Much has been made in the press in the last week of the tax affairs of Akshata Murty, the Chancellor’s wife, and the fact that she claims non-domicile tax status. This has resulted in the usual outcry which accompanies stories designed to imply that the wealthy not paying their fair share of tax. However, this outrage is usually not accompanied by corresponding understanding or knowledge of the tax rules in point.
While we have no connection with Ms Murty, nor an in-depth understanding of her personal tax position (private information that has been leaked to the press in what can only be described as a low blow by person or persons unknown), in the interests of fairness we thought we should explain her position, and the tax rules that apply.

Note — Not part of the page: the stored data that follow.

(* Let $p>2$ be prime, $n\ge1$, $H_n=Sp_{2n}(p)$, and let $s\in H_n$ be an element of order $p^n+1$ such that the cyclic group $\langle s\rangle$ acts irreducibly on the natural module $\mathbb F_p^{2n}$ (such elements exist). Let $\theta_n^1,\theta_n^2$ be the irreducible constituents, of degrees $(p^n-1)/2$ and $(p^n+1)/2$, of a Weil representation of $H_n$. Then for $i=1,2$ every eigenvalue of the matrix $\theta_n^i(s)$ has multiplicity $1$.
   Context: Weil representation: let $A\subset GL(p^n,\mathbb C)$ be an irreducible subgroup containing the group $Z$ of all scalar matrices with $A/Z$ abelian of exponent $p$, and $N$ its normalizer in $GL(p^n,\mathbb C)$; then $N/A\cong Sp_{2n}(p)$ and, for $p>2$, $N$ splits over $A$, giving a representation of $Sp_{2n}(p)$ of degree $p^n$ (a Weil representation) with exactly two irreducible constituents, of degrees $(p^n-1)/2$ and $(p^n+1)/2$. *)

From HB Require Import structures.
From mathcomp Require Import all_boot all_order all_algebra all_fingroup all_solvable all_field all_character.
Set Implicit Arguments. Unset Strict Implicit. Unset Printing Implicit Defensive.
Import GRing.Theory Num.Theory.
Local Open Scope ring_scope.

(* Matrices in {'GL_(2*n)[F]} have size (2*n).-1.+1, which equals 2*n for n >= 1. *)
Notation dim2 n := (2 * n)%N.-1.+1.

(* Standard symplectic Gram matrix J = [[0, I_n], [-I_n, 0]] on F^(2n),
   coordinates 0..n-1 and n..2n-1. *)
Definition sympJ (F : fieldType) (n : nat) : 'M[F]_(dim2 n) :=
  \matrix_(i, j)
    (if ((i < n)%N && (j == n + i :> nat)) then 1
     else if ((j < n)%N && (i == n + j :> nat)) then -1 else 0).

Definition sympf (F : fieldType) (n : nat) (v w : 'rV[F]_(dim2 n)) : F :=
  (v *m sympJ F n *m w^T) 0 0.

Definition Sp_set (F : finFieldType) (n : nat) : {set {'GL_(2 * n)[F]}} :=
  [set g : {'GL_(2 * n)[F]} | GLval g *m sympJ F n *m (GLval g)^T == sympJ F n].

Lemma Sp_group_set (F : finFieldType) (n : nat) : group_set (Sp_set F n).
Proof.
apply/group_setP; split=> [|x y]; first by rewrite inE GL_1E mul1mx trmx1 mulmx1.
rewrite !inE GL_MxE => /eqP Hx /eqP Hy; apply/eqP.
by rewrite trmx_mul !mulmxA -(mulmxA _ (GLval y)) -(mulmxA _ (GLval y *m _)) Hy Hx.
Qed.

(* The symplectic group Sp_{2n}(F) acting on row vectors on the right. *)
Canonical Sp_group (F : finFieldType) (n : nat) := Group (Sp_group_set F n).
Notation Sp F n := (Sp_group F n).

(* Weil representation of Sp_{2n}(p) of degree p^n (over algC), following the
   normalizer construction: there is a subgroup A = {c * T v | c <> 0, v in F_p^(2n)}
   of GL(p^n, C) containing the scalars, with A/Z = F_p^(2n) (abelian of exponent p),
   commutator pairing eps^omega(v,w) (eps a primitive p-th root of unity), and W(g)
   normalizes A inducing g on A/Z.  W(Sp) is then a complement to A in N(A)
   mapping isomorphically onto N/A = Sp_{2n}(p). *)
Definition weil_rep (p n : nat) (W : mx_representation algC (Sp 'F_p n) (p ^ n)) : Prop :=
  exists (T : 'rV['F_p]_(dim2 n) -> 'M[algC]_(p ^ n)) (eps : algC),
    [/\ p.-primitive_root eps,
        forall v, T v \in unitmx,
        forall v w, exists c : algC, T v *m T w = c *: T (v + w),
        forall v w, T v *m T w = eps ^+ (sympf v w : 'F_p) *: (T w *m T v)
      & forall g v, g \in Sp 'F_p n ->
          exists c : algC, invmx (W g) *m T v *m W g = c *: T (v *m GLval g)].

Definition nat_repr_cyc (F : finFieldType) (n : nat) (s : {'GL_(2 * n)[F]}) :=
  subg_repr (GLrepr F (2 * n).-1) (subsetT <[s]>%g).

From HB Require Import structures.
From mathcomp Require Import all_boot all_order all_algebra all_fingroup all_solvable all_field all_character.
From mathcomp Require Import zify.
Set Implicit Arguments. Unset Strict Implicit. Unset Printing Implicit Defensive.
Import GRing.Theory Num.Theory.
Local Open Scope ring_scope.

(* The operators T v of the Weil representation are traceless for v != 0 and
   pairwise orthogonal for (A, B) |-> tr (A^-1 B), so they form a basis of the
   p^(2n)-dimensional matrix algebra and \sum_v T v^-1 Y T v = p^n tr(Y) 1.
   Applied to Y = X^-1 with X = W(s^k), which normalises the T v through the
   fixed-point-free action of s^k, this gives tr(X) tr(X^-1) = 1 for
   0 < k < p^n + 1.  Writing the p^n eigenvalues of W(s), all (p^n + 1)-th
   roots of unity, as a list rs, discrete Fourier inversion computes the
   multiplicity of each root from these traces, and summing over rs gives
   \sum_(z in rs) mult(z) = size rs, so the eigenvalues of W(s) are
   distinct; those of the constituents theta_n^i(s) are a fortiori. *)

Lemma sum_expr_root_unity (z : algC) M : z ^+ M = 1 ->
  \sum_(k < M) z ^+ k = if z == 1 then M%:R else 0.
Proof.
move=> zM; have [->|z1] := eqVneq z 1.
  by rewrite (eq_bigr (fun _ => 1)) ?sumr_const ?card_ord // => k _; rewrite expr1n.
by have /esym/eqP := subrX1 z M; rewrite zM subrr mulf_eq0 subr_eq0 (negbTE z1) => /eqP.
Qed.

Lemma root_unity_neq0 (z : algC) M : (0 < M)%N -> z ^+ M = 1 -> z != 0.
Proof.
by move=> M_gt0 zM; apply: contra_eq_neq zM => ->; rewrite expr0n gtn_eqF // eq_sym oner_eq0.
Qed.

Lemma count_mem_root_unity (rs : seq algC) M lam : (0 < M)%N ->
  {in rs, forall z, z ^+ M = 1} -> lam ^+ M = 1 ->
  \sum_(k < M) (\sum_(z <- rs) z ^+ k) * lam^-1 ^+ k = M%:R * (count_mem lam rs)%:R.
Proof.
move=> M_gt0 rsM lamM; have lam0 := root_unity_neq0 M_gt0 lamM.
under eq_bigr => k _ do rewrite mulr_suml; rewrite exchange_big /=.
rewrite -sum1_count natr_sum mulr_sumr [RHS]big_mkcond /=.
apply: eq_big_seq => z rs_z.
under eq_bigr => k _ do rewrite -exprMn.
rewrite sum_expr_root_unity; last by rewrite exprMn exprVn rsM // lamM invr1 mulr1.
by rewrite -(can_eq (mulfK lam0)) divfK // mul1r; case: eqP; rewrite ?mulr1 ?mulr0.
Qed.

Lemma uniq_sum_count_mem (T : eqType) (s : seq T) :
  (\sum_(x <- s) count_mem x s)%N = size s -> uniq s.
Proof.
move=> sum_count; apply: count_mem_uniq => x.
have [s_x|/count_memPn -> //] := boolP (x \in s).
have count_pos y : y \in s -> (0 < count_mem y s)%N.
  by move=> s_y; rewrite lt0n; apply: contraTneq s_y => /count_memPn.
have : (\sum_(y <- s) (count_mem y s - 1) == 0)%N.
  rewrite -(eqn_add2r (size s)) add0n -{2}sum_count -sum1_size -big_split /=.
  by apply/eqP/eq_big_seq => y /count_pos/subnK.
rewrite sum_nat_seq_eq0 => /allP/(_ x s_x); rewrite subn_eq0 => /= le_count.
by apply/eqP; rewrite eqn_leq le_count count_pos.
Qed.

Lemma uniq_root_unity_power_sums (rs : seq algC) :
  {in rs, forall z, z ^+ (size rs).+1 = 1} ->
  (forall k, (0 < k <= size rs)%N ->
     (\sum_(z <- rs) z ^+ k) * (\sum_(z <- rs) z ^+ ((size rs).+1 - k)) = 1) ->
  uniq rs.
Proof.
set m := size rs => rsM psum; apply: uniq_sum_count_mem.
have psum_inv (k : 'I_m.+1) : \sum_(l <- rs) l^-1 ^+ k = \sum_(l <- rs) l ^+ (m.+1 - k).
  apply: eq_big_seq => l rs_l; have l0 := root_unity_neq0 (ltn0Sn m) (rsM l rs_l).
  apply: (mulIf (expf_neq0 k l0)).
  by rewrite exprVn mulVf ?expf_neq0 // -exprD subnK ?rsM // ltnW.
have size_rs : m%:R = \sum_(z <- rs) 1 :> algC by rewrite /m -sum1_size natr_sum.
have psum0 : \sum_(z <- rs) z ^+ 0 = m%:R.
  by rewrite size_rs; apply: eq_bigr => z _; rewrite expr0.
have psumM : \sum_(z <- rs) z ^+ m.+1 = m%:R.
  by rewrite size_rs; apply: eq_big_seq => z /rsM.
apply/eqP; rewrite -(eqr_nat algC) -(inj_eq (mulfI (_ : m.+1%:R != 0))) ?pnatr_eq0 //.
apply/eqP; rewrite natr_sum mulr_sumr.
under eq_big_seq => l rs_l do
  rewrite -(count_mem_root_unity (ltn0Sn m) rsM (rsM l rs_l)).
rewrite exchange_big /=; under eq_bigr => k _ do rewrite -mulr_sumr psum_inv.
rewrite big_ord_recl subn0 psum0 psumM (eq_bigr (fun=> 1)) => [|k _]; last first.
  by rewrite psum //= /bump /= add1n ltnS ltn_ord.
by rewrite sumr_const card_ord -!natrM -natrD mulSn addnC.
Qed.

Lemma char_poly_conjmx (R : comUnitRingType) m (P A : 'M[R]_m) : P \in unitmx ->
  char_poly (invmx P *m A *m P) = char_poly A.
Proof.
move=> P_unit; rewrite /char_poly /char_poly_mx.
have -> : 'X%:M - map_mx polyC (invmx P *m A *m P) =
    map_mx polyC (invmx P) *m ('X%:M - map_mx polyC A) *m map_mx polyC P.
  rewrite mulmxBr mulmxBl !map_mxM scalar_mxC; congr (_ - _).
  by rewrite -mulmxA -map_mxM mulVmx // map_mx1 mulmx1.
by rewrite !det_mulmx mulrAC -det_mulmx -map_mxM mulVmx // map_mx1 det1 mul1r.
Qed.

Lemma exp_diag_mx (R : pzRingType) m (d : 'rV[R]_m) k :
  diag_mx d ^+ k = diag_mx (\row_j d 0 j ^+ k).
Proof.
elim: k => [|k IHk]; first by apply/matrixP => i j; rewrite !mxE expr0.
rewrite exprS IHk -mulmxE mul_diag_mx; apply/matrixP => i j; rewrite !mxE.
by case: eqP => [->|]; rewrite ?exprS ?mulr0 ?mulr1n.
Qed.

Lemma exp_conjmx (R : comUnitRingType) m (P A : 'M[R]_m) k : P \in unitmx ->
  (invmx P *m A *m P) ^+ k = invmx P *m A ^+ k *m P.
Proof.
move=> P_unit; elim: k => [|k IHk]; first by rewrite !expr0 mulmx1 mulVmx.
by rewrite !exprS IHk -!mulmxE !mulmxA mulmxK.
Qed.

Lemma finite_order_mx_diagonalizable m (X : 'M[algC]_m.+1) M : (0 < M)%N ->
  X ^+ M = 1 -> diagonalizable X.
Proof.
move=> M_gt0 XM; have [z z_prim] := C_prim_root_exists M_gt0.
apply/diagonalizableP; exists [seq z ^+ i | i <- index_iota 0 M].
  rewrite map_inj_in_uniq ?iota_uniq // => i j; rewrite !mem_index_iota => lt_iM lt_jM.
  by move/eqP; rewrite (eq_prim_root_expr z_prim) !modn_small // => /eqP.
rewrite big_map (factor_Xn_sub_1 z_prim); apply: mxminpoly_min.
by rewrite rmorphB rmorphXn /= horner_mx_X horner_mx_C XM subrr.
Qed.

Domicile is a concept of law and identifies where a person is ‘from’. It is completely distinct from residence for tax purposes, which is based primarily on where a person spends most of their time. A person’s domicile is generally determined by reference to the birth country of their father, in Ms Murty’s case, her Indian father. An individual can elect to change their domicile; however this is difficult to achieve as it involves demonstrating that almost all links to the domicile of origin are severed and effectively all aspects of a person’s life have been transferred to another jurisdiction. Reports, therefore, that Ms Murty has ‘chosen’ a domicile in India are therefore incorrect; she has merely, to date, not chosen a domicile of choice in the UK.

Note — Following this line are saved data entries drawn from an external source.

(* Let $x'=f(x)$, $x\in\mathbb R^d_{>0}$, be the deterministic system of a reaction network with species $X_1,\dots,X_d$, and let $\theta,\mu>0$ be such that there exists a positive steady state $x^*$ with $x^*_1=\mu/\theta$. Suppose: (1) the system admits $k$ linearly independent conservation relations $u^i\cdot x(t)=M_i$ ($i=1,\dots,k$) with $u^i\in\mathbb R^d_{>0}$, written after reordering of coordinates as $[U\,|\,I]x=M$ with $U$ a $k\times\bar d$ matrix, $\bar d=d-k$, $I$ the $k\times k$ identity, and with $u^1_1\ne 0$; (2) all eigenvalues of $J(x^* )$ have strictly negative real parts; (3) $H_2(0)>0$ if $\bar d$ is odd and $H_2(0)<0$ if $\bar d$ is even. Then, for sufficiently small $\theta$ and $\mu$ and sufficiently large initial value $z(0)$ of the control species, all eigenvalues of $\bar J(x^*,z^* )$ have strictly negative real parts; that is, the positive steady state $(x^*,z^* )$ of the union system of the given system and the basic ACR system $X_1+Z\xrightarrow{\theta}2Z$, $Z\xrightarrow{\mu}X_1$ is linearly stable.
   Context: Reduced system of the original network: using the conservation relations, $x_{\bar d+j}=M_j-\sum_{i=1}^{\bar d}u^j_ix_i$ for $j=1,\dots,k$, and $g_i(x_1,\dots,x_{\bar d})=f_i(x_1,\dots,x_{\bar d},M_1-\sum_i u^1_ix_i,\dots,M_k-\sum_i u^k_ix_i)$ for $i=1,\dots,\bar d$; $J(x^* )$ denotes the Jacobian of $(g_1,\dots,g_{\bar d})$ at $(x^*_1,\dots,x^*_{\bar d})$. Union (controlled) system: $x_1'=f_1(x)-z(\theta x_1-\mu)$, $z'=z(\theta x_1-\mu)$, $x_i'=f_i(x)$ for $i\ge 2$ (mass-action kinetics for the controller). Its conservation relations are $u^i\cdot x+u^i_1z=\bar M_i$, so it reduces to variables $(x_1,\dots,x_{\bar d},z)$ via $x_{\bar d+j}=\bar M_j-\sum_{i=1}^{\bar d}u^j_ix_i-u^j_1z$, giving functions $h_1,\dots,h_{\bar d}$ (obtained from $f_1-z(\theta x_1-\mu),f_2,\dots,f_{\bar d}$ by this substitution) and $h_{\bar d+1}=z(\theta x_1-\mu)$. $(x^*,z^* )$ is a positive steady state of the union system with this $x^*$ ($x^*_1=\mu/\theta$) and $z^*>0$ determined by the conservation relations and the initial data. $\bar J(x^*,z^* )$ is the Jacobian of $(h_1,\dots,h_{\bar d+1})$ in the variables $(x_1,\dots,x_{\bar d},z)$ at $(x^*,z^* )$. $H_2(\lambda)$ is the determinant of the $\bar d\times\bar d$ matrix obtained from $\lambda I-\bar J(x^*,z^* )$ by deleting its last row and its first column; explicitly its rows $i=1,\dots,\bar d$ are $(\lambda\delta_{i2}-\partial_2g_i(x^* ),\dots,\lambda\delta_{i\bar d}-\partial_{\bar d}g_i(x^* ),-\partial_zh_i(x^*,z^* ))$. *)

From HB Require Import structures.
From mathcomp Require Import all_boot all_order all_algebra.
From mathcomp Require Import all_classical all_reals all_analysis.
From mathcomp Require Import complex.
Set Implicit Arguments. Unset Strict Implicit. Unset Printing Implicit Defensive.
Import Order.TTheory GRing.Theory Num.Theory.
Import numFieldNormedType.Exports.
Local Open Scope ring_scope.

The domicile rules are complex and have undergone several changes in recent years. Two of the main advantages they have typically given to non-domiciled UK tax residents are:
While this income tax treatment is available to non-UK domiciled individuals, it only applies where a ‘remittance basis’ claim is made, and the relevant fee, if any, accounted for. Once a non-domiciled individual has been UK resident for seven of the last nine tax years, they must pay a £30,000 annual charge to claim the remittance basis, rising to £60,000 when they have been UK resident for 12 of the previous 14 tax years.
Depending on the level of offshore income, it may be preferable to pay the remittance basis charge than to pay UK tax on the normal arising basis. This will be the case if the tax liabilities arising on remitted income would exceed the remittance basis charge and is also likely to be preferable if the individual does not need to remit offshore funds to the UK to fund investments or their lifestyle. This, according to reports, is the situation Ms Murty is in, as she pays the £30,000 charge which means that no UK tax is due on Indian dividends as long as they are not remitted to the UK, which would otherwise result in income tax charges of several million pounds.
Individuals who have been resident in the UK for 15 years or more will be considered ‘deemed domiciled’ in the UK for income and capital gains tax purposes, such that from this point onwards Ms Murty will be liable to pay UK tax on her worldwide income and gains, including dividends form Indian companies.
Everyone has their own view on the fairness of the tax system and whether the wealthy should contribute more than they currently do and the potential corresponding impact on the Treasury and on foreign investment in the UK. However, the key point to note in relation to Ms Murty’s position is that it is simply incorrect to label her tax affairs as ‘avoidance’ in the context of the tax morality debate or her behaviour. This is a completely different scenario to, say, a high-profile celebrity being involved in an aggressive tax avoidance scheme. Regrettably, the media appear happy to approach both situations from the same angle, which is at best ill-informed. There is no suggestion whatsoever that she has acted illegally or even controversially, and newspaper headlines using words such as ‘avoidance’ and ‘loophole’ are unhelpful and unfair.
Nevertheless, domicile is intended to reflect one’s spiritual ‘home’ and it therefore suggests that the wider intentions of the Sunak-Murty family are indeed to leave the UK at some future point, whether or not this is tax-related. It also calls into question the Chancellor’s personal motivation to reforming the non-domicile system of taxation when his own household is benefitting handsomely from the continued existence of these rules. Whether this new scandal will affect treasury policy in the months and years to come remains to be seen.
Finally, Ms Murty has now agreed to refrain from claiming non-UK domiciled status on her income and gains, which will increase her UK tax bill and presumably dampen the vitriol against her husband. Note that there has been no suggestion that she will make her domicile of choice in the UK, thereby leaving her with the open option to make the annual remittance basis claim, as well as benefit from any other tax advantages on an Indian domicile, quite legitimately in future.